### TASK DETAILS
In the listing below, print exactly the lines between the line holding "Definition admissible (a" and the line holding "Definition earlier_points (s", inclusive, and no more.

### EXTRACTED INFORMATION

(* Consider the inner-loop system $x_2(k+1)=A_2x_2(k)+B_2u(k)$ with $x_2\in\mathbb{R}^{n_2}$, together with an inner-loop predictive controller operating as follows. At each time $k$ the inner loop receives a predicted reference-model trajectory $\mathbf{x_f}(k)=[\mathbf{x_f}(k|k),\dots,\mathbf{x_f}(k+N|k)]$ and chooses an input trajectory $\mathbf{u}(k)=[\mathbf{u}(k|k),\dots,\mathbf{u}(k+N-1|k)]$; the predicted states are $\mathbf{x_2}(k|k)=x_2(k)$, $\mathbf{x_2}(k+i+1|k)=A_2\mathbf{x_2}(k+i|k)+B_2\mathbf{u}(k+i|k)$, and $\mathbf{\tilde x}(k+i|k)=\mathbf{x_2}(k+i|k)-\mathbf{x_f}(k+i|k)$; the input applied at time $k$ is $u(k)=\mathbf{u}(k|k)$. Let $G_2=\{\tilde x\in\mathbb{R}^{n_2}:\tilde x^TP\tilde x\le V_2^*\}$ with $P$ symmetric positive definite and $V_2^*>0$, and let $\lambda_2\in[0,1)$. Suppose that, given $\mathbf{x_f}(k)$, a trajectory $\mathbf{u}(k)$ is computed that yields $\mathbf{\tilde x}(k+N|k)\in\lambda_2G_2$. Then there exists $\epsilon_{x_f}^{max}>0$ such that if $\|\mathbf{x_f}(k+N|k+1)-\mathbf{x_f}(k+N|k)\|\le\epsilon_{x_f}^{max}$ and $\mathbf{u}(k+i|k+1)=\mathbf{u}(k+i|k)$ for $i=1,\dots,N-1$, then $\mathbf{\tilde x}(k+N|k+1)\in G_2$.
   Context: $\lambda_2G_2=\{\lambda_2x:x\in G_2\}$. The notation $(i|k)$ denotes the value of a variable at step $i$ predicted/chosen by the optimization carried out at time $k$; $N\ge 2$ is the prediction horizon. *)

From HB Require Import structures.
From mathcomp Require Import all_boot all_order all_algebra.
From mathcomp Require Import reals.
Set Implicit Arguments. Unset Strict Implicit. Unset Printing Implicit Defensive.
Import Order.TTheory GRing.Theory Num.Theory.
Local Open Scope ring_scope.

Definition vnorm (R : realType) (n : nat) (x : 'cV[R]_n) : R :=
  Num.sqrt (\sum_(i < n) x i 0 ^+ 2).

Definition qform (R : realType) (n : nat) (P : 'M[R]_n) (x : 'cV[R]_n) : R :=
  (x^T *m P *m x) 0 0.

Definition spd (R : realType) (n : nat) (P : 'M[R]_n) : Prop :=
  P^T = P /\ forall x : 'cV[R]_n, x != 0 -> 0 < qform P x.

Definition inG (R : realType) (n : nat) (P : 'M[R]_n) (V : R) (x : 'cV[R]_n) : Prop :=
  qform P x <= V.

Definition in_scaledG (R : realType) (n : nat) (lam : R) (P : 'M[R]_n) (V : R)
  (x : 'cV[R]_n) : Prop :=
  exists y, inG P V y /\ x = lam *: y.

(* Predicted state: pred_state A B x0 u i = x2(k+i|k) when x2(k|k) = x0 and
   u j = u(k+j|k). *)
Fixpoint pred_state (R : realType) (n m : nat) (A : 'M[R]_n) (B : 'M[R]_(n, m))
  (x0 : 'cV[R]_n) (u : nat -> 'cV[R]_m) (i : nat) : 'cV[R]_n :=
  match i with
  | 0 => x0
  | i'.+1 => A *m pred_state A B x0 u i' + B *m u i'
  end.

From HB Require Import structures.
From mathcomp Require Import all_boot all_order all_algebra.
From mathcomp Require Import reals.
From mathcomp Require Import ring lra.
Import Order.TTheory GRing.Theory Num.Theory.
Local Open Scope ring_scope.

(* The shifted plan reaches time k+N as the state x~(k+N|k+1) = x~(k+N|k) - w, where
   w = x_f(k+N|k+1) - x_f(k+N|k).  Since x -> x^T P x is locally Lipschitz, and
   x~(k+N|k) lies in lambda_2 G_2, i.e. has quadratic form at most lambda_2^2 V_2^*,
   a perturbation w small enough to cost less than (1 - lambda_2^2) V_2^* keeps the
   state in G_2. *)

Set Implicit Arguments.
Unset Strict Implicit.
Unset Printing Implicit Defensive.

Section Prediction.
Variables (R : realType) (n m : nat) (A : 'M[R]_n) (B : 'M[R]_(n, m)).

Lemma pred_state_shift (x0 : 'cV[R]_n) (u u' : nat -> 'cV[R]_m) k :
  (forall j, (j < k)%N -> u' j = u j.+1) ->
  pred_state A B (A *m x0 + B *m u 0%N) u' k = pred_state A B x0 u k.+1.
Proof.
elim: k => [//|k IHk] eq_u /=.
rewrite IHk => [|j lt_jk]; last exact/eq_u/ltnW.
by rewrite eq_u.
Qed.

End Prediction.

Section QuadraticForm.
Variables (R : realType) (n : nat).
Implicit Types (P : 'M[R]_n) (x y z w : 'cV[R]_n).

Definition mx_abs_sum P : R := \sum_i \sum_j `|P i j|.

Lemma mx_abs_sum_ge0 P : 0 <= mx_abs_sum P.
Proof. by apply: sumr_ge0 => i _; apply: sumr_ge0. Qed.

Lemma vnorm_ge0 x : 0 <= vnorm x.
Proof. exact: sqrtr_ge0. Qed.

Lemma normr_coef_le_vnorm x i : `|x i 0| <= vnorm x.
Proof.
have sqr_sum_ge0 (J : pred 'I_n) : 0 <= \sum_(j | J j) x j 0 ^+ 2.
  by apply: sumr_ge0 => j _; apply: sqr_ge0.
by rewrite /vnorm -sqrtr_sqr ler_sqrt // (bigD1 i) //= lerDl.
Qed.

Lemma bilinear_le x P z :
  `|(x^T *m P *m z) 0 0| <= mx_abs_sum P * (vnorm x * vnorm z).
Proof.
have -> : (x^T *m P *m z) 0 0 = \sum_i \sum_j x i 0 * P i j * z j 0.
  rewrite mxE exchange_big; apply: eq_bigr => j _.
  by rewrite mxE mulr_suml; apply: eq_bigr => i _; rewrite mxE.
rewrite /mx_abs_sum !mulr_suml; apply: (le_trans (ler_norm_sum _ _ _)).
apply: ler_sum => i _; rewrite mulr_suml.
apply: (le_trans (ler_norm_sum _ _ _)); apply: ler_sum => j _.
rewrite !normrM [`|x i 0| * _]mulrC -mulrA.
apply: ler_wpM2l => //; apply: ler_pM => //; exact: normr_coef_le_vnorm.
Qed.

Lemma qformB P x w :
  qform P (x - w) =
  qform P x - (x^T *m P *m w) 0 0 - (w^T *m P *m x) 0 0 + qform P w.
Proof.
rewrite /qform [(x - w)^T]raddfB /= mulmxBl mulmxBr !mulmxBl !mxE.
ring.
Qed.

Lemma qformZ P (a : R) y : qform P (a *: y) = a ^+ 2 * qform P y.
Proof.
by rewrite /qform [(a *: y)^T]linearZ /= -!scalemxAl -scalemxAr scalerA mxE expr2.
Qed.

Lemma qform_subr_le P x w :
  qform P (x - w) <=
  qform P x + mx_abs_sum P * vnorm w * (2 * vnorm x + vnorm w).
Proof.
have := bilinear_le x P w; have := bilinear_le w P x; have := bilinear_le w P w.
rewrite qformB /qform !ler_norml.
move=> /andP[_ ww] /andP[wx _] /andP[xw _].
lra.
Qed.

Lemma qform_subr_near P x (delta : R) : 0 < delta ->
  exists2 eps, 0 < eps &
    forall w, vnorm w <= eps -> qform P (x - w) <= qform P x + delta.
Proof.
move=> delta_gt0.
set K := mx_abs_sum P * (2 * vnorm x + 1).
have K_ge0 : 0 <= K by rewrite mulr_ge0 ?mx_abs_sum_ge0 // addr_ge0 ?mulr_ge0 ?vnorm_ge0.
have D_gt0 : 0 < K + delta + 1 by lra.
set eps := delta / (K + delta + 1).
have eps_gt0 : 0 < eps by rewrite divr_gt0.
have epsD : eps * (K + delta + 1) = delta by rewrite mulfVK ?gt_eqF.
exists eps => // w le_w_eps.
apply: le_trans (qform_subr_le P x w) _; rewrite lerD2l.
have le_eps1 : eps <= 1 by rewrite ler_pdivrMr // mul1r; lra.
have c_ge0 := mx_abs_sum_ge0 P; have w_ge0 := vnorm_ge0 w.
have : mx_abs_sum P * vnorm w * (2 * vnorm x + vnorm w) <= eps * K.
  rewrite /K mulrA [eps * _]mulrC.
  have x_ge0 := vnorm_ge0 x.
  by apply: ler_pM; rewrite ?mulr_ge0 ?ler_wpM2l //; lra.
nra.
Qed.

Lemma in_scaledG_qform_le P (V lam : R) x :
  in_scaledG lam P V x -> qform P x <= lam ^+ 2 * V.
Proof. by case=> y [Gy ->]; rewrite qformZ ler_wpM2l ?sqr_ge0. Qed.

End QuadraticForm.

Theorem proposition6 (R : realType) (n2 m N : nat)
  (A2 : 'M[R]_n2) (B2 : 'M[R]_(n2, m)) (P : 'M[R]_n2) (V2 lam2 : R)
  (x2k : 'cV[R]_n2) (xf_k : nat -> 'cV[R]_n2) (u_k : nat -> 'cV[R]_m) :
  (2 <= N)%N ->
  spd P -> 0 < V2 ->
  0 <= lam2 -> lam2 < 1 ->
  in_scaledG lam2 P V2 (pred_state A2 B2 x2k u_k N - xf_k N) ->
  exists eps : R, 0 < eps /\
    forall (xf_k1 : nat -> 'cV[R]_n2) (u_k1 : nat -> 'cV[R]_m),
      let x2k1 := A2 *m x2k + B2 *m u_k 0%N in
      vnorm (xf_k1 (N.-1) - xf_k N) <= eps ->
      (forall i : nat, (1 <= i <= N.-1)%N -> u_k1 i.-1 = u_k i) ->
      inG P V2 (pred_state A2 B2 x2k1 u_k1 N.-1 - xf_k1 N.-1).
Proof.
move=> le2N _ V2_gt0 lam2_ge0 lam2_lt1.
set e := pred_state A2 B2 x2k u_k N - xf_k N => /in_scaledG_qform_le e_in.
have margin_gt0 : 0 < (1 - lam2 ^+ 2) * V2 by rewrite mulr_gt0 //; nra.
have [eps eps_gt0 near_e] := qform_subr_near P e margin_gt0.
exists eps; split=> // xf_k1 u_k1 x2k1 small_w shifted_u.
have N_gt0 : (0 < N)%N by apply: leq_trans le2N.
rewrite /x2k1 pred_state_shift => [|j lt_jN]; last first.
  by have := shifted_u j.+1; rewrite /= lt_jN => ->.
have -> : pred_state A2 B2 x2k u_k N.-1.+1 - xf_k1 N.-1 = e - (xf_k1 N.-1 - xf_k N).
  by rewrite prednK // /e opprB addrA subrK.
apply: le_trans (near_e _ small_w) _.
by rewrite /inG mulrBl mul1r -lerBrDr opprB addrC subrK.
Qed.
Lemma pair_enum_onto (a t b : R) : le t a -> le b a -> exists n, pair_enum a n = (t, b).
Proof.
  assert (Hb : forall t, le t a -> exists i, below_enum a i = t).
  { unfold below_enum. apply epsilon_spec. destruct (omega1_le_segment_countable a) as [f Hf]. eauto. }
  intros Ht Hb'. destruct (Hb t Ht) as [i Hi]. destruct (Hb b Hb') as [j Hj].
  exists (Cantor.to_nat (i, j)). unfold pair_enum. rewrite Cantor.cancel_of_to. simpl. congruence.
Qed.

Definition small_upto (a p : R) : Prop :=
  exists c, le c a /\ I (borel_index c) /\ borel_index c p.

Definition admissible (a : R) (n : nat) (prev : R -> Prop) (p : R) : Prop :=
  borel_index (snd (pair_enum a n)) p /\ ~ small_upto a p /\ ~ prev p.

(* Falling back to [a] makes the stage repeat the point of stage [(a, 0)]. *)
Definition choose_point (a : R) (n : nat) (prev : R -> Prop) : R :=
  epsilon (inhabits 0)
    (fun p => admissible a n prev p \/ (~ (exists q, admissible a n prev q) /\ p = a)).

Definition stage_step (s : R * nat) (rec : forall s', stage_lt s' s -> R) : R :=
  match snd s with
  | O => fst s
  | S n => choose_point (fst s) n (fun p => exists s' (H : stage_lt s' s), rec s' H = p)
  end.

Definition stage_point : R * nat -> R := Fix stage_lt_wf (fun _ => R) stage_step.

Definition earlier_points (s : R * nat) (p : R) : Prop :=
  exists s', stage_lt s' s /\ stage_point s' = p.

Lemma stage_point_unfold (s : R * nat) :
  stage_point s = stage_step s (fun s' _ => stage_point s').
Proof.
  apply (Fix_eq stage_lt_wf (fun _ => R) stage_step).
  intros [a [|n]] f f' Hff; [reflexivity|]. unfold stage_step; simpl.
  f_equal. apply functional_extensionality. intros p. apply propositional_extensionality.
  split; intros [s' [H <-]]; exists s', H; [symmetry|]; apply Hff.
Qed.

### ANSWER BOX
Definition admissible (a : R) (n : nat) (prev : R -> Prop) (p : R) : Prop :=
  borel_index (snd (pair_enum a n)) p /\ ~ small_upto a p /\ ~ prev p.

(* Falling back to [a] makes the stage repeat the point of stage [(a, 0)]. *)
Definition choose_point (a : R) (n : nat) (prev : R -> Prop) : R :=
  epsilon (inhabits 0)
    (fun p => admissible a n prev p \/ (~ (exists q, admissible a n prev q) /\ p = a)).

Definition stage_step (s : R * nat) (rec : forall s', stage_lt s' s -> R) : R :=
  match snd s with
  | O => fst s
  | S n => choose_point (fst s) n (fun p => exists s' (H : stage_lt s' s), rec s' H = p)
  end.

Definition stage_point : R * nat -> R := Fix stage_lt_wf (fun _ => R) stage_step.

Definition earlier_points (s : R * nat) (p : R) : Prop :=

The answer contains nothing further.